How to complete this task
Every line below from the one containing "Section Graph." through the one containing "Proof. by move=>" must be transcribed exactly. Omit all lines outside that stretch.

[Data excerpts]
※

Lemma find_iota_leq a N : a < N -> find (leq a) (iota 0 N) = a.
Proof.
move=> ltaN; rewrite -(subnKC (ltnW ltaN)) iotaD find_cat size_iota /=.
have -> : has (leq a) (iota 0 a) = false by apply/hasPn => x; rewrite mem_iota; lia.
by case: (N - a) (subn_gt0 a N) => [|d]; rewrite ?ltaN //= leqnn addn0.
Qed.

Section Graph.
Variables (T : finType) (e : rel T).

Lemma dist_eq0 x y : dist e x y = 0 -> x = y.
Proof.
rewrite /dist => dxy0.
have T_gt0 : 0 < #|T| by apply/card_gt0P; exists x.
have has_ball : has (fun d => y \in ball e d x) (iota 0 #|T|).
  by rewrite has_find size_iota dxy0.
by have := nth_find 0 has_ball; rewrite dxy0 nth_iota // inE => /eqP.
Qed.

Lemma ball_connect d x y : y \in ball e d x -> connect e x y.
Proof.
elim: d y => [|d IHd] y /=; first by rewrite inE => /eqP ->.
rewrite !inE => /orP [/IHd //|/existsP [z /andP [zx zy]]].
exact: connect_trans (IHd _ zx) (connect1 zy).
Qed.

Lemma convexI (A B : {set T}) : convex e A -> convex e B -> convex e (A :&: B).
Proof.
move=> convA convB u v /setIP [uA uB] /setIP [vA vB].
by rewrite subsetI convA ?convB.
Qed.

End Graph.

Section Lattice.
Variables (k : nat) (m : 'I_k -> nat).
Local Notation L := (lattice_vertex m).
Local Notation e := (@lattice_adj k m).

Definition l1dist (f g : L) := \sum_j distn (f j) (g j).

Lemma lattice_vertexP (f g : L) : (forall j, f j = g j :> nat) -> f = g.
Proof. by move=> fg; apply/ffunP => j; apply: val_inj; exact: fg. Qed.

Lemma l1dist_eq0 (f g : L) : (l1dist f g == 0) = (f == g).
Proof.
rewrite sum_nat_eq0; apply/forallP/eqP => [fg|-> j]; last by rewrite /distn subnn.
by apply: lattice_vertexP => j; move: (fg j); rewrite /distn; lia.
Qed.

Lemma l1dist_sym (f g : L) : l1dist f g = l1dist g f.
Proof. by apply: eq_bigr => j _; rewrite /distn addnC. Qed.

Lemma l1dist_triangle_leqif (f g h : L) :
  l1dist f h <= l1dist f g + l1dist g h ?= iff [forall j, betweenn (f j) (g j) (h j)].
Proof.
by rewrite /l1dist -big_split; apply: leqif_sum => j _; apply: distn_triangle_leqif.
Qed.

Lemma lattice_adj_l1dist (f g : L) : e f g -> l1dist f g = 1.
Proof.
case/existsP => j /andP [fgj /forallP fg].
rewrite /l1dist (bigD1 j) //= big1 => [|j' /(implyP (fg j')) /eqP fgj'].
  by move: fgj; rewrite /path_adj /distn /= => /orP [] /eqP; lia.
by rewrite fgj' /distn subnn.
Qed.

※

Task result
Section Graph.
Variables (T : finType) (e : rel T).

Lemma dist_eq0 x y : dist e x y = 0 -> x = y.
Proof.
rewrite /dist => dxy0.
have T_gt0 : 0 < #|T| by apply/card_gt0P; exists x.
have has_ball : has (fun d => y \in ball e d x) (iota 0 #|T|).
  by rewrite has_find size_iota dxy0.
by have := nth_find 0 has_ball; rewrite dxy0 nth_iota // inE => /eqP.
Qed.

Lemma ball_connect d x y : y \in ball e d x -> connect e x y.
Proof.
elim: d y => [|d IHd] y /=; first by rewrite inE => /eqP ->.
rewrite !inE => /orP [/IHd //|/existsP [z /andP [zx zy]]].
exact: connect_trans (IHd _ zx) (connect1 zy).
Qed.

Lemma convexI (A B : {set T}) : convex e A -> convex e B -> convex e (A :&: B).
Proof.
move=> convA convB u v /setIP [uA uB] /setIP [vA vB].
by rewrite subsetI convA ?convB.
Qed.

End Graph.

Section Lattice.
Variables (k : nat) (m : 'I_k -> nat).
Local Notation L := (lattice_vertex m).
Local Notation e := (@lattice_adj k m).

Definition l1dist (f g : L) := \sum_j distn (f j) (g j).

Lemma lattice_vertexP (f g : L) : (forall j, f j = g j :> nat) -> f = g.
Proof. by move=> fg; apply/ffunP => j; apply: val_inj; exact: fg. Qed.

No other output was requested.